#### What needs to be done:
Find the line with "set N := (m.*2.+2)%:R * (m.*2.+1)%:R : R." in the entries below, then reproduce it and every line after it down to and including the line with "rewrite -(acosK c_in)", exactly.

#### Given entries:
(* Let $\varepsilon>0$, let $a,b\in\mathbb{R}^d$ with $a\ne b$, and let $P_{ab}$ be a polygonal $ab$-path with $\|P_{ab}\|\le(1+\varepsilon)\|ab\|$. For $\alpha\in[0,\pi/2]$ let $E(\alpha)$ be the set of edges $e$ of $P_{ab}$ with $\angle(ab,e)<\alpha$. Then for every integer $i$ with $1\le i\le\lfloor(\pi/2)/\sqrt{\varepsilon}\rfloor$ we have $\|E(i\sqrt{\varepsilon})\|\ge(1-2/i^2)\,\|ab\|$, where $\|E(\alpha)\|$ denotes the total length of the edges in $E(\alpha)$.
   Context: For undirected segments $e_1,e_2$ with unit direction vectors $\pm\vec u_1,\pm\vec u_2$, $\angle(e_1,e_2)=\arccos|\vec u_1\cdot\vec u_2|\in[0,\pi/2]$. *)

From HB Require Import structures.
From mathcomp Require Import all_boot all_order all_algebra.
From mathcomp Require Import all_classical all_reals all_analysis.
Set Implicit Arguments. Unset Strict Implicit. Unset Printing Implicit Defensive.
Import Order.TTheory GRing.Theory Num.Theory.
Local Open Scope ring_scope.

Definition edot {R : realType} {d : nat} (u v : 'rV[R]_d) : R :=
  \sum_(i < d) u 0 i * v 0 i.
Definition enorm {R : realType} {d : nat} (u : 'rV[R]_d) : R :=
  Num.sqrt (edot u u).

(* Angle between the undirected segments pq and rs:
   arccos |u1 . u2| for the unit directions u1, u2. *)
Definition seg_angle {R : realType} {d : nat} (p q r s : 'rV[R]_d) : R :=
  acos (`| edot ((enorm (q - p))^-1 *: (q - p)) ((enorm (s - r))^-1 *: (s - r)) |).

(* A polygonal path with k edges and vertices P 0, ..., P k;
   edge j (j < k) is the segment P j P (j+1). *)
Definition path_length {R : realType} {d : nat} (k : nat) (P : nat -> 'rV[R]_d) : R :=
  \sum_(j < k) enorm (P j.+1 - P j).

Definition E_length {R : realType} {d : nat} (a b : 'rV[R]_d) (k : nat)
    (P : nat -> 'rV[R]_d) (alpha : R) : R :=
  \sum_(j < k | seg_angle a b (P j) (P j.+1) < alpha) enorm (P j.+1 - P j).

(** Let [u] be the unit direction of [ab].  The projections of the edges onto [u]
    telescope to [||ab||].  An edge of [E(alpha)] projects to at most its length,
    any other edge to at most [cos alpha] times its length, so
    [||ab|| <= ||E|| + cos alpha (||P|| - ||E||)].  With [||P|| <= (1+eps)||ab||]
    and [alpha^2 = i^2 eps] the claim reduces to [cos alpha (2 + alpha^2) <= 2],
    which follows from the Taylor bound [cos x < 1 - x^2/2 + x^4/24]. *)
From HB Require Import structures.
From mathcomp Require Import all_boot all_order all_algebra.
From mathcomp Require Import all_classical all_reals all_analysis.
From mathcomp Require Import ring lra zify.
Import Order.TTheory GRing.Theory Num.Theory.
Import numFieldNormedType.Exports.
Local Open Scope ring_scope.

Section CosineBound.
Variable R : realType.

Lemma cos_lt_taylor4 (x : R) :
  x != 0 -> x ^+ 2 < 56 -> cos x < 1 - x ^+ 2 / 2 + x ^+ 4 / 24.
Proof.
move=> x0 x56.
have coefE n : cos_coeff' x n = (-1) ^+ n * x ^+ n.*2 / n.*2`!%:R.
  by rewrite /cos_coeff' -exprnP.
have /cvgN cvg_cos := @cvg_cos_coeff' R x.
rewrite -(opprK (cos _)) -(cvg_lim (@Rhausdorff R) cvg_cos) ltrNl.
have -> : - (1 - x ^+ 2 / 2 + x ^+ 4 / 24) = \sum_(0 <= n < 3) - cos_coeff' x n.
  rewrite !big_nat_recl // big_nil !coefE /= !expr0 !expr1 !mul1r.
  rewrite (_ : 2`! = 2)%N // (_ : 4`! = 24)%N // invr1 sqrrN expr1n; ring.
rewrite -seriesN lt_sum_lim_series //; first by move/cvgP: cvg_cos; rewrite seriesN.
(* the tail pairs up as [x^(2m) / (2m)! * (1 - x^2 / ((2m+2)(2m+1)))] with [m >= 3] *)
move=> n; rewrite !coefE.
set m := (3 + n.*2)%N.
have m3 : (3 <= m)%N by rewrite /m leq_addr.
have signm : (-1) ^+ m = -1 :> R by rewrite -signr_odd /m oddD odd_double.
rewrite (_ : (3 + n.*2.+1)%N = m.+1); last by rewrite /m addnS.
clearbody m.
rewrite exprS signm doubleS !factS !natrM exprS exprS !mulN1r mulNr !opprK mul1r !mulrA.
set y := x ^+ m.*2; set F := (m.*2)`!%:R : R.
have y0 : 0 < y by rewrite exprn_even_gt0 ?odd_double // x0 orbT.
have F0 : 0 < F by rewrite ltr0n fact_gt0.
set N := (m.*2.+2)%:R * (m.*2.+1)%:R : R.
have N56 : 56 <= N by rewrite /N -natrM ler_nat; nia.
have -> : y / F - x * x * y / (N * F) = (y / F) * (1 - x ^+ 2 / N).
  by field; rewrite !gt_eqF //; lra.
rewrite mulr_gt0 ?divr_gt0 // subr_gt0 ltr_pdivrMr; lra.
Qed.

Lemma cos_mul_lt2 (x : R) : x != 0 -> x ^+ 2 <= 10 -> cos x * (2 + x ^+ 2) < 2.
Proof.
move=> x0 x10; have A0 : 0 < x ^+ 2 by rewrite exprn_even_gt0 // x0.
have := cos_lt_taylor4 x x0 (le_lt_trans x10 (_ : 10 < 56)).
rewrite (_ : x ^+ 4 = x ^+ 2 * x ^+ 2); last by rewrite -exprD.
move: (x ^+ 2) A0 x10 (cos x) => A A0 A10 c taylor.
(* [(1 - A/2 + A^2/24) (2 + A) = 2 + A^2 (A - 10) / 24] *)
have : A * A * (A - 10) <= 0 by rewrite mulr_ge0_le0 ?mulr_ge0 ?subr_le0 // ltW.
nra.
Qed.

Lemma le_cos_of_le_acos (c al : R) :
  -1 <= c <= 1 -> 0 <= al <= pi -> al <= acos c -> c <= cos al.
Proof.
move=> c_itv al_itv al_le.
have c_in : c \in `[-1, 1] by rewrite in_itv.
rewrite -(acosK c_in) leNgt ltr_cos -?leNgt // in_itv /=.
by rewrite acos_ge0 // acos_lepi.
Qed.

End CosineBound.

Section Euclidean.
Context {R : realType} {d : nat}.
Implicit Types (x y u e : 'rV[R]_d).

Definition edir e : 'rV[R]_d := (enorm e)^-1 *: e.

Lemma edotC x y : edot x y = edot y x.
Proof. by apply: eq_bigr => j _; rewrite mulrC. Qed.

Lemma edotBl x y u : edot (x - y) u = edot x u - edot y u.
Proof. by rewrite /edot -sumrB; apply: eq_bigr => j _; rewrite !mxE mulrBl. Qed.

Lemma edotZl (c : R) x y : edot (c *: x) y = c * edot x y.
Proof. by rewrite /edot mulr_sumr; apply: eq_bigr => j _; rewrite !mxE mulrA. Qed.

Lemma edotZr (c : R) x y : edot x (c *: y) = c * edot x y.
Proof. by rewrite edotC edotZl edotC. Qed.

Lemma edot0l u : edot 0 u = 0.
Proof. by rewrite /edot big1 // => j _; rewrite mxE mul0r. Qed.

Lemma edot_ge0 x : 0 <= edot x x.
Proof. by apply: sumr_ge0 => j _; rewrite -expr2 sqr_ge0. Qed.

Lemma edot_eq0 x : edot x x = 0 -> x = 0.
Proof.
move=> x0; apply/matrixP => i j; rewrite ord1 mxE.
have sq_ge0 (k : 'I_d) : true -> 0 <= x 0 k * x 0 k by rewrite -expr2 sqr_ge0.
by have /eqP := psumr_eq0P sq_ge0 x0 (i := j) isT; rewrite mulf_eq0 orbb => /eqP.
Qed.

Lemma norm_edot_le x y : `|edot x y| <= (edot x x + edot y y) / 2.
Proof.
apply: le_trans (ler_norm_sum _ _ _) _.
rewrite -big_split mulr_suml; apply: ler_sum => j _ /=.
have := sqr_ge0 (`|x 0 j| - `|y 0 j|).
have := real_normK (num_real (x 0 j)); have := real_normK (num_real (y 0 j)).
rewrite normrM; nra.
Qed.

Lemma sqr_enorm e : enorm e ^+ 2 = edot e e.
Proof. by rewrite sqr_sqrtr // edot_ge0. Qed.

Lemma enorm_ge0 e : 0 <= enorm e.
Proof. exact: sqrtr_ge0. Qed.

Lemma enorm_eq0 e : enorm e = 0 -> e = 0.
Proof. by move=> /eqP; rewrite sqrtr_eq0 => e0; apply/edot_eq0/le_anti; rewrite e0 edot_ge0. Qed.

Lemma enormZ_edir e : enorm e *: edir e = e.
Proof.
have [/enorm_eq0 ->|e0] := eqVneq (enorm e) 0; first by rewrite /edir !scaler0.
by rewrite scalerA divff // scale1r.
Qed.

Lemma edot_edir_le1 e : edot (edir e) (edir e) <= 1.
Proof.
have [/enorm_eq0 ->|e0] := eqVneq (enorm e) 0; first by rewrite /edir scaler0 edot0l.
by rewrite edotZl edotZr -sqr_enorm mulrA -expr2 exprVn mulVf // expf_neq0.
Qed.

Lemma norm_edot_edir_le1 x y : `|edot (edir x) (edir y)| <= 1.
Proof.
apply: le_trans (norm_edot_le _ _) _.
by rewrite ler_pdivrMr // mul1r; apply: lerD; apply: edot_edir_le1.
Qed.

Lemma edot_edir e : edot e (edir e) = enorm e.
Proof.
have [e0|e0] := eqVneq (enorm e) 0; first by rewrite e0 (enorm_eq0 _ e0) edot0l.
by rewrite edotZr -sqr_enorm expr2 mulKf.
Qed.

Lemma edot_le_enorm_mul e u : edot e u <= enorm e * `|edot u (edir e)|.
Proof.
rewrite -{1}(enormZ_edir e) edotZl edotC.
by rewrite ler_wpM2l ?enorm_ge0 ?ler_norm.
Qed.

Lemma edot_telescope (P : nat -> 'rV[R]_d) u n :
  \sum_(j < n) edot (P j.+1 - P j) u = edot (P n - P 0%N) u.
Proof.
elim: n => [|n IH]; first by rewrite big_ord0 subrr edot0l.
by rewrite big_ord_recr /= IH !edotBl addrC addrA subrK.
Qed.

End Euclidean.

Lemma enorm_le_E_length {R : realType} {d : nat} (a b : 'rV[R]_d) (k : nat)
    (P : nat -> 'rV[R]_d) (al : R) :
  0 <= al <= pi -> P 0%N = a -> P k = b ->
  enorm (b - a) <= E_length a b k P al + cos al * (path_length k P - E_length a b k P al).
Proof.
move=> al_itv Pa Pb; set u := edir (b - a).
pose small (j : 'I_k) := seg_angle a b (P j) (P j.+1) < al.
have -> : path_length k P - E_length a b k P al =
          \sum_(j < k | ~~ small j) enorm (P j.+1 - P j).
  by rewrite /path_length (bigID small) /= addrC addrK.
have -> : enorm (b - a) = \sum_(j < k) edot (P j.+1 - P j) u.
  by rewrite edot_telescope Pa Pb edot_edir.
rewrite (bigID small) /= mulr_sumr; apply: lerD; apply: ler_sum => j small_j.
  apply: le_trans (edot_le_enorm_mul _ _) _.
  by rewrite ler_piMr ?enorm_ge0 ?norm_edot_edir_le1.
apply: le_trans (edot_le_enorm_mul _ _) _.
rewrite [cos al * _]mulrC ler_wpM2l ?enorm_ge0 //; apply: le_cos_of_le_acos => //.
  by rewrite norm_edot_edir_le1 andbT (le_trans (lerN10 _) (normr_ge0 _)).
by rewrite leNgt.
Qed.

Lemma le_E_of_projection_bound {R : realFieldType} (eps t c L T E : R) :
  0 < eps -> 0 < t -> 0 <= c -> c * (2 + eps * t ^+ 2) <= 2 -> 0 <= L ->
  L <= E + c * (T - E) -> T <= (1 + eps) * L -> (1 - 2 / t ^+ 2) * L <= E.
Proof.
move=> eps0 t0 c0 c_bound L0 proj T_le.
have t20 : 0 < t ^+ 2 by rewrite exprn_gt0.
have A0 : 0 < eps * t ^+ 2 by rewrite mulr_gt0.
have c1 : c < 1 by nra.
have cE : L - c * ((1 + eps) * L) <= (1 - c) * E by nra.
rewrite -(@ler_pM2l _ ((1 - c) * t ^+ 2)) ?mulr_gt0 ?subr_gt0 //.
have -> : (1 - c) * t ^+ 2 * ((1 - 2 / t ^+ 2) * L) =
          (1 - c) * t ^+ 2 * L - 2 * (1 - c) * L by field; rewrite gt_eqF.
nra.
Qed.

Theorem lemma2 (R : realType) (d : nat) (eps : R) (a b : 'rV[R]_d)
    (k : nat) (P : nat -> 'rV[R]_d) :
  0 < eps -> a != b ->
  P 0%N = a -> P k = b ->
  path_length k P <= (1 + eps) * enorm (b - a) ->
  forall i : nat, (1 <= i)%N ->
    (i%:Z <= Num.floor ((pi / 2) / Num.sqrt eps))%R ->
    E_length a b k P (i%:R * Num.sqrt eps) >= (1 - 2 / (i%:R ^+ 2)) * enorm (b - a).
Proof.
move=> eps0 _ Pa Pb len_le i i1 i_le.
set s := Num.sqrt eps; set t : R := i%:R; set al := t * s.
have s0 : 0 < s by rewrite sqrtr_gt0.
have t0 : 0 < t by rewrite ltr0n.
have al0 : 0 < al by rewrite mulr_gt0.
have al_le : al <= pi / 2.
  by move: i_le; rewrite floor_ge_int ler_pdivlMr.
have pi2 := pihalf_lt2 R.
have cos0 : 0 <= cos al by rewrite cos_ge0_pihalf // al_le andbT; lra.
have cos_bound : cos al * (2 + eps * t ^+ 2) <= 2.
  rewrite (_ : eps * t ^+ 2 = al ^+ 2); last by rewrite exprMn sqr_sqrtr ?ltW // mulrC.
  by rewrite ltW // cos_mul_lt2 ?gt_eqF //; nra.
apply: (@le_E_of_projection_bound _ eps t (cos al) _ (path_length k P)) => //.
  exact: enorm_ge0.
apply: enorm_le_E_length Pa Pb; rewrite (ltW al0) (le_trans al_le) //.
by rewrite ler_pdivrMr // ler_peMr ?(ltW (pi_gt0 _)) // ler1n.
Qed.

#### Result of the exercise:
set N := (m.*2.+2)%:R * (m.*2.+1)%:R : R.
have N56 : 56 <= N by rewrite /N -natrM ler_nat; nia.
have -> : y / F - x * x * y / (N * F) = (y / F) * (1 - x ^+ 2 / N).
  by field; rewrite !gt_eqF //; lra.
rewrite mulr_gt0 ?divr_gt0 // subr_gt0 ltr_pdivrMr; lra.
Qed.

Lemma cos_mul_lt2 (x : R) : x != 0 -> x ^+ 2 <= 10 -> cos x * (2 + x ^+ 2) < 2.
Proof.
move=> x0 x10; have A0 : 0 < x ^+ 2 by rewrite exprn_even_gt0 // x0.
have := cos_lt_taylor4 x x0 (le_lt_trans x10 (_ : 10 < 56)).
rewrite (_ : x ^+ 4 = x ^+ 2 * x ^+ 2); last by rewrite -exprD.
move: (x ^+ 2) A0 x10 (cos x) => A A0 A10 c taylor.
(* [(1 - A/2 + A^2/24) (2 + A) = 2 + A^2 (A - 10) / 24] *)
have : A * A * (A - 10) <= 0 by rewrite mulr_ge0_le0 ?mulr_ge0 ?subr_le0 // ltW.
nra.
Qed.

Lemma le_cos_of_le_acos (c al : R) :
  -1 <= c <= 1 -> 0 <= al <= pi -> al <= acos c -> c <= cos al.
Proof.
move=> c_itv al_itv al_le.
have c_in : c \in `[-1, 1] by rewrite in_itv.
rewrite -(acosK c_in) leNgt ltr_cos -?leNgt // in_itv /=.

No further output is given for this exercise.